(* Let $(X,d)$ be a sequentially right $K$-complete quasi-pseudometric space and $\varphi:X\to\mathbb{R}\cup\{\infty\}$ a proper, bounded below, lower semicontinuous function. Let $\varepsilon,\lambda>0$ and let $x_0\in X$ satisfy $\varphi(x_0)\le\varepsilon+\inf\varphi(X)$. Put $\gamma=\varepsilon/\lambda$ and, for $x\in X$, $S_\gamma(x)=\{y\in X:\varphi(y)+\gamma d(y,x)\le\varphi(x)\}$. Then there exists $z\in X$ such that (i) $\varphi(z)+\frac{\varepsilon}{\lambda}d(z,x_0)\le\varphi(x_0)$ (so $\varphi(z)\le\varphi(x_0)$); (ii) $d(z,x_0)\le\lambda$; (iii) $\varphi(y)=\varphi(z)$ for all $y\in S_\gamma(z)$; (iv) $\varphi(z)<\varphi(x)+\frac{\varepsilon}{\lambda}d(x,z)$ for all $x\in X\setminus S_\gamma(z)$.
   Context: A quasi-pseudometric on $X$ is $d:X\times X\to[0,\infty)$ with $d(x,x)=0$ and $d(x,z)\le d(x,y)+d(y,z)$ (no symmetry). Topology $\tau_d$: neighbourhood base at $x$ given by $\{y:d(x,y)<r\}$, $r>0$; $x_n\to x$ iff $d(x,x_n)\to0$. A sequence $(x_n)$ is right $K$-Cauchy if for every $\varepsilon>0$ there is $n_\varepsilon$ with $d(x_{n+k},x_n)<\varepsilon$ for all $n\ge n_\varepsilon$, $k\in\mathbb{N}$; $X$ is sequentially right $K$-complete if every right $K$-Cauchy sequence converges. $\varphi$ is proper if it is finite somewhere; lower semicontinuous if $\varphi(x)\le\liminf_n\varphi(x_n)$ whenever $x_n\to x$. *)

From Stdlib Require Import Reals.
From Coquelicot Require Import Coquelicot.
Open Scope R_scope.

Definition quasi_pseudometric {X : Type} (d : X -> X -> R) : Prop :=
  (forall x y, 0 <= d x y) /\ (forall x, d x x = 0) /\
  (forall x y z, d x z <= d x y + d y z).

Definition qconv {X : Type} (d : X -> X -> R) (u : nat -> X) (x : X) : Prop :=
  is_lim_seq (fun n => d x (u n)) 0.

Definition right_K_Cauchy {X : Type} (d : X -> X -> R) (u : nat -> X) : Prop :=
  forall eps : R, 0 < eps -> exists N : nat,
    forall n k : nat, (N <= n)%nat -> d (u (n + k)%nat) (u n) < eps.

Definition seq_right_K_complete {X : Type} (d : X -> X -> R) : Prop :=
  forall u : nat -> X, right_K_Cauchy d u -> exists x, qconv d u x.

(* phi : X -> R U {+oo}, encoded as Rbar-valued with -oo excluded *)
Definition no_minus_infty {X : Type} (phi : X -> Rbar) : Prop :=
  forall x, phi x <> m_infty.

Definition proper_fun {X : Type} (phi : X -> Rbar) : Prop :=
  exists x, is_finite (phi x).

Definition bounded_below {X : Type} (phi : X -> Rbar) : Prop :=
  exists m : R, forall x, Rbar_le m (phi x).

(* sequential lsc: phi x <= liminf phi(x_n) whenever x_n -> x, written out:
   every real r < phi x is eventually exceeded by phi(x_n). *)
Definition seq_lsc {X : Type} (d : X -> X -> R) (phi : X -> Rbar) : Prop :=
  forall (u : nat -> X) (x : X), qconv d u x ->
    forall r : R, Rbar_lt r (phi x) ->
      exists N : nat, forall n, (N <= n)%nat -> Rbar_lt r (phi (u n)).

(* inf phi(X) (in R U {+-oo}); the value +oo is irrelevant for the infimum
   once phi is proper, so we take the glb of the finite values *)
Definition inf_fun {X : Type} (phi : X -> Rbar) : Rbar :=
  Glb_Rbar (fun r : R => exists x, phi x = Finite r).

Definition S_gamma {X : Type} (d : X -> X -> R) (phi : X -> Rbar)
    (gamma : R) (x : X) (y : X) : Prop :=
  Rbar_le (Rbar_plus (phi y) (Finite (gamma * d y x))) (phi x).

(** Ekeland's principle by successive near-minimisation: starting at [x0],
    choose [x_(n+1)] in [S(x_n)] with [phi(x_(n+1))] within [1/(n+1)] of
    [inf phi(S(x_n))].  The sets [S(x_n)] are nested, so
    [gamma d(x_(n+k), x_(n+1)) <= 1/(n+1)] and the sequence is right
    K-Cauchy; its limit [z] lies in every [S(x_n)] because lower
    semicontinuity makes these sets sequentially closed.  Any [y] in [S(z)]
    then lies in every [S(x_n)], which squeezes [phi y] onto [phi z]; and
    [gamma d(z, x0) <= phi(x0) - phi(z) <= eps] gives [d(z, x0) <= lam]. *)

From Stdlib Require Import Reals.
From Coquelicot Require Import Coquelicot.
From Stdlib Require Import ClassicalEpsilon Classical Lra Lia.
Open Scope R_scope.

Lemma approx_inf (E : R -> Prop) (m r0 delta : R) :
  (forall r, E r -> m <= r) -> E r0 -> 0 < delta ->
  exists r, E r /\ forall s, E s -> r <= s + delta.
Proof.
  intros Hm Hr0 Hdelta.
  destruct (completeness (fun r => E (- r))) as [l [Hub Hleast]].
  - exists (- m). intros r Hr. specialize (Hm _ Hr). lra.
  - exists (- r0). now rewrite Ropp_involutive.
  - assert (Hnear : exists r, E r /\ l - delta < - r).
    { apply NNPP. intros Hno.
      enough (l <= l - delta) by lra.
      apply Hleast. intros r Hr. apply Rnot_lt_le. intros Hlt.
      apply Hno. exists (- r). now rewrite Ropp_involutive. }
    destruct Hnear as [r [Hr Hlt]].
    exists r. split; [exact Hr|]. intros s Hs.
    assert (- s <= l) by (apply Hub; now rewrite Ropp_involutive).
    lra.
Qed.

Lemma Rbar_lt_gap (a : R) (b : Rbar) :
  Rbar_lt a b -> exists eta, 0 < eta /\ Rbar_lt (a + eta) b.
Proof.
  destruct b as [b| |]; simpl; intros H.
  - exists ((b - a) / 2). split; lra.
  - exists 1. split; [lra | exact I].
  - contradiction.
Qed.

Lemma le_of_le_plus_inv_S (a b : R) :
  (forall n : nat, a <= b + / INR (S n)) -> a <= b.
Proof.
  intros H. apply Rle_plus_epsilon. intros eps Heps.
  destruct (archimed_cor1 eps Heps) as [[|p] [Hp Hpos]]; [lia|].
  specialize (H p). lra.
Qed.

Lemma inf_fun_le {X : Type} (phi : X -> Rbar) (x : X) :
  is_finite (phi x) -> Rbar_le (inf_fun phi) (phi x).
Proof.
  intros Hx. rewrite <- Hx. apply (proj1 (Glb_Rbar_correct _)). now exists x.
Qed.

Section Ekeland.

Variables (X : Type) (d : X -> X -> R) (phi : X -> Rbar).
Hypothesis hd : quasi_pseudometric d.
Hypothesis hinf : no_minus_infty phi.
Variable g : R.
Hypothesis hg : 0 < g.

Notation Sg := (S_gamma d phi g).

Lemma d_nonneg x y : 0 <= d x y.
Proof. apply hd. Qed.

Lemma d_refl x : d x x = 0.
Proof. apply hd. Qed.

Lemma d_triangle x y z : d x z <= d x y + d y z.
Proof. apply hd. Qed.

Lemma S_gamma_finite_iff x y : is_finite (phi x) ->
  Sg x y <-> is_finite (phi y) /\ real (phi y) + g * d y x <= real (phi x).
Proof.
  unfold S_gamma, is_finite. intros Hx.
  destruct (phi x) as [a| |]; simpl in Hx; try discriminate.
  generalize (hinf y). destruct (phi y) as [b| |]; simpl; intros Hy.
  - split; [intros H; split; [reflexivity | lra] | intros [_ H]; lra].
  - split; [tauto | intros [H _]; discriminate].
  - congruence.
Qed.

Lemma S_gamma_finite x y : is_finite (phi x) -> Sg x y -> is_finite (phi y).
Proof. intros Hx Hy. now apply (S_gamma_finite_iff x y Hx) in Hy. Qed.

Lemma S_gamma_refl x : Sg x x.
Proof. unfold S_gamma. rewrite d_refl, Rmult_0_r, Rbar_plus_0_r. apply Rbar_le_refl. Qed.

Lemma S_gamma_trans x y w : Sg x y -> Sg y w -> Sg x w.
Proof.
  intros Hxy Hyw.
  destruct (phi x) as [a| |] eqn:Hx.
  2: { unfold S_gamma. rewrite Hx. now destruct (Rbar_plus _ _). }
  2: { now destruct (hinf x). }
  assert (Hxf : is_finite (phi x)) by now rewrite Hx.
  apply S_gamma_finite_iff in Hxy as [Hyf Hxy]; [|exact Hxf].
  apply S_gamma_finite_iff in Hyw as [Hwf Hyw]; [|exact Hyf].
  apply S_gamma_finite_iff; [exact Hxf|]. split; [exact Hwf|].
  pose proof (Rmult_le_compat_l g _ _ (Rlt_le _ _ hg) (d_triangle w y x)).
  lra.
Qed.

Hypothesis hlsc : seq_lsc d phi.

Lemma S_gamma_seq_closed x (u : nat -> X) z :
  (forall n, Sg x (u n)) -> qconv d u z -> Sg x z.
Proof.
  intros Hu Hz. apply NNPP. intros Hnot.
  destruct (phi x) as [a| |] eqn:Hx.
  2: { apply Hnot. unfold S_gamma. rewrite Hx. now destruct (Rbar_plus _ _). }
  2: { now destruct (hinf x). }
  assert (Hxf : is_finite (phi x)) by now rewrite Hx.
  assert (Hgap : Rbar_lt (a - g * d z x) (phi z)).
  { apply Rbar_not_le_lt in Hnot. unfold S_gamma in Hnot. rewrite Hx in Hnot.
    destruct (phi z) as [b| |]; simpl in *; [lra | exact I | contradiction]. }
  destruct (Rbar_lt_gap _ _ Hgap) as [eta [Heta Hlt]].
  destruct (hlsc u z Hz _ Hlt) as [N1 HN1].
  assert (Heta_g : 0 < eta / g) by (apply Rdiv_lt_0_compat; lra).
  destruct (proj2 (is_lim_seq_spec _ _) Hz (mkposreal _ Heta_g)) as [N2 HN2].
  set (n := Nat.max N1 N2).
  specialize (HN1 n ltac:(lia)). specialize (HN2 n ltac:(lia)). simpl in HN2.
  rewrite Rminus_0_r, Rabs_pos_eq in HN2 by apply d_nonneg.
  destruct (proj1 (S_gamma_finite_iff _ _ Hxf) (Hu n)) as [Hunf Hun].
  rewrite Hx in Hun. rewrite <- Hunf in HN1. simpl in *.
  pose proof (Rmult_le_compat_l g _ _ (Rlt_le _ _ hg) (d_triangle z (u n) x)).
  assert (g * d z (u n) < eta).
  { replace eta with (g * (eta / g)) by (field; lra).
    now apply Rmult_lt_compat_l. }
  lra.
Qed.

Hypothesis hbdd : bounded_below phi.

(** The finiteness hypothesis sits under the existential so that choice
    yields a step function defined on all of [X]. *)
Lemma exists_near_inf_point (n : nat) x : exists y, is_finite (phi x) ->
  Sg x y /\ forall w, Sg x w -> real (phi y) <= real (phi w) + / INR (S n).
Proof.
  destruct (classic (is_finite (phi x))) as [Hx|Hx]; [| exists x; tauto].
  destruct hbdd as [m Hm].
  destruct (approx_inf (fun r => exists y, Sg x y /\ r = real (phi y))
              m (real (phi x)) (/ INR (S n))) as [r [[y [Hy ->]] Hnear]].
  - intros r [y [Hy ->]]. specialize (Hm y).
    rewrite <- (S_gamma_finite x y Hx Hy) in Hm. exact Hm.
  - exists x. split; [apply S_gamma_refl | reflexivity].
  - apply Rinv_0_lt_compat, lt_0_INR. lia.
  - exists y. intros _. split; [exact Hy|].
    intros w Hw. apply Hnear. now exists w.
Qed.

Definition near_inf_point (n : nat) (x : X) : X :=
  proj1_sig (constructive_indefinite_description _ (exists_near_inf_point n x)).

Lemma near_inf_point_spec n x : is_finite (phi x) ->
  Sg x (near_inf_point n x) /\
  forall w, Sg x w -> real (phi (near_inf_point n x)) <= real (phi w) + / INR (S n).
Proof. exact (proj2_sig (constructive_indefinite_description _ (exists_near_inf_point n x))). Qed.

Fixpoint descent_seq (x0 : X) (n : nat) : X :=
  match n with
  | O => x0
  | S k => near_inf_point k (descent_seq x0 k)
  end.

Variable x0 : X.
Hypothesis hx0 : is_finite (phi x0).

Notation u := (descent_seq x0).

Lemma descent_seq_finite n : is_finite (phi (u n)).
Proof.
  induction n as [|n IH]; [exact hx0|].
  exact (S_gamma_finite _ _ IH (proj1 (near_inf_point_spec n _ IH))).
Qed.

Lemma descent_seq_succ n :
  Sg (u n) (u (S n)) /\
  forall w, Sg (u n) w -> real (phi (u (S n))) <= real (phi w) + / INR (S n).
Proof. apply near_inf_point_spec, descent_seq_finite. Qed.

Lemma descent_seq_nested n k : Sg (u n) (u (n + k)).
Proof.
  induction k as [|k IH].
  - rewrite Nat.add_0_r. apply S_gamma_refl.
  - rewrite Nat.add_succ_r. exact (S_gamma_trans _ _ _ IH (proj1 (descent_seq_succ _))).
Qed.

Lemma descent_seq_tail_bound p k :
  g * d (u (S p + k)) (u (S p)) <= / INR (S p).
Proof.
  pose proof (proj2 (descent_seq_succ p) (u (S p + k))) as Hnear.
  replace (S p + k)%nat with (p + S k)%nat in Hnear at 1 by lia.
  specialize (Hnear (descent_seq_nested p (S k))).
  pose proof (proj1 (S_gamma_finite_iff _ _ (descent_seq_finite (S p)))
                (descent_seq_nested (S p) k)) as [_ Hdesc].
  lra.
Qed.

Lemma descent_seq_right_K_Cauchy : right_K_Cauchy d u.
Proof.
  intros e He.
  assert (Hge : 0 < g * e) by (apply Rmult_lt_0_compat; lra).
  destruct (archimed_cor1 _ Hge) as [N [HN HNpos]].
  exists N. intros [|p] k Hp; [lia|].
  apply (Rmult_lt_reg_l g); [exact hg|].
  apply (Rle_lt_trans _ _ _ (descent_seq_tail_bound p k)).
  apply (Rle_lt_trans _ (/ INR N)); [|exact HN].
  apply Rinv_le_contravar; [apply lt_0_INR; lia | apply le_INR; lia].
Qed.

Section Limit.

Variable z : X.
Hypothesis hz : qconv d u z.

Lemma descent_limit_in_S n : Sg (u n) z.
Proof.
  apply (S_gamma_seq_closed _ (fun k => u (n + k)%nat)).
  - apply descent_seq_nested.
  - unfold qconv. apply (is_lim_seq_incr_n _ n) in hz.
    eapply is_lim_seq_ext; [|exact hz]. intros k. simpl. now rewrite Nat.add_comm.
Qed.

Lemma descent_limit_finite : is_finite (phi z).
Proof. exact (S_gamma_finite _ _ (descent_seq_finite 0) (descent_limit_in_S 0)). Qed.

Lemma descent_limit_S_stable y : Sg z y -> phi y = phi z.
Proof.
  intros Hy.
  pose proof descent_limit_finite as Hzf.
  apply S_gamma_finite_iff in Hy as [Hyf Hy]; [|exact Hzf].
  assert (Hge : real (phi z) <= real (phi y)).
  { apply le_of_le_plus_inv_S. intros n.
    pose proof (proj2 (descent_seq_succ n) y
                  (S_gamma_trans _ _ _ (descent_limit_in_S n)
                     (proj2 (S_gamma_finite_iff _ _ Hzf) (conj Hyf Hy)))).
    pose proof (proj1 (S_gamma_finite_iff _ _ (descent_seq_finite (S n)))
                  (descent_limit_in_S (S n))) as [_ Hz].
    pose proof (Rmult_le_pos _ _ (Rlt_le _ _ hg) (d_nonneg z (u (S n)))).
    lra. }
  pose proof (Rmult_le_pos _ _ (Rlt_le _ _ hg) (d_nonneg y z)).
  rewrite <- Hyf, <- Hzf. f_equal. lra.
Qed.

End Limit.

Hypothesis hcompl : seq_right_K_complete d.

Lemma exists_S_stable_point : exists z, Sg x0 z /\ is_finite (phi z) /\
  forall y, Sg z y -> phi y = phi z.
Proof.
  destruct (hcompl _ descent_seq_right_K_Cauchy) as [z hz].
  exists z. split; [|split].
  - exact (descent_limit_in_S z hz 0).
  - exact (descent_limit_finite z hz).
  - exact (descent_limit_S_stable z hz).
Qed.

End Ekeland.

Lemma finite_of_le_eps_plus_inf {X : Type} (phi : X -> Rbar) (eps : R) x :
  no_minus_infty phi -> proper_fun phi ->
  Rbar_le (phi x) (Rbar_plus eps (inf_fun phi)) -> is_finite (phi x).
Proof.
  intros hinf [p Hp] Hx.
  pose proof (inf_fun_le phi p Hp) as Hi. pose proof (hinf x) as Hx'.
  unfold is_finite in *. revert Hx Hi Hx'. rewrite <- Hp.
  destruct (inf_fun phi), (phi x); simpl; tauto.
Qed.

Lemma S_gamma_dist_le {X : Type} (d : X -> X -> R) (phi : X -> Rbar) (g eps : R) x y :
  is_finite (phi x) -> is_finite (phi y) -> S_gamma d phi g x y ->
  Rbar_le (phi x) (Rbar_plus eps (inf_fun phi)) -> g * d y x <= eps.
Proof.
  intros Hxf Hyf Hy Hx. pose proof (inf_fun_le phi y Hyf) as Hi.
  unfold S_gamma, is_finite in *. revert Hx Hy Hi. rewrite <- Hxf, <- Hyf.
  destruct (inf_fun phi); simpl; intros; [lra | contradiction | contradiction].
Qed.

Theorem theorem3p4 (X : Type) (d : X -> X -> R) (phi : X -> Rbar)
  (hd : quasi_pseudometric d) (hcompl : seq_right_K_complete d)
  (hinf : no_minus_infty phi) (hprop : proper_fun phi)
  (hbdd : bounded_below phi) (hlsc : seq_lsc d phi)
  (eps lam : R) (heps : 0 < eps) (hlam : 0 < lam) (x0 : X)
  (hx0 : Rbar_le (phi x0) (Rbar_plus (Finite eps) (inf_fun phi))) :
  exists z : X,
    Rbar_le (Rbar_plus (phi z) (Finite (eps / lam * d z x0))) (phi x0) /\
    d z x0 <= lam /\
    (forall y, S_gamma d phi (eps / lam) z y -> phi y = phi z) /\
    (forall x, ~ S_gamma d phi (eps / lam) z x ->
       Rbar_lt (phi z) (Rbar_plus (phi x) (Finite (eps / lam * d x z)))).
Proof.
  assert (hg : 0 < eps / lam) by (apply Rdiv_lt_0_compat; lra).
  pose proof (finite_of_le_eps_plus_inf phi eps x0 hinf hprop hx0) as hx0f.
  destruct (exists_S_stable_point X d phi hd hinf _ hg hlsc hbdd x0 hx0f hcompl)
    as [z [hz0 [hzf hstable]]].
  exists z. split; [exact hz0|]. split; [|split].
  - apply (Rmult_le_reg_l (eps / lam)); [exact hg|].
    replace (eps / lam * lam) with eps by (field; lra).
    exact (S_gamma_dist_le d phi _ eps x0 z hx0f hzf hz0 hx0).
  - exact hstable.
  - intros x Hx. exact (Rbar_not_le_lt _ _ Hx).
Qed.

* [EXERCISE]: From the material above, please return each line containing "reflexivity".

* [REPLY]:
  - split; [intros H; split; [reflexivity | lra] | intros [_ H]; lra].
  - exists x. split; [apply S_gamma_refl | reflexivity].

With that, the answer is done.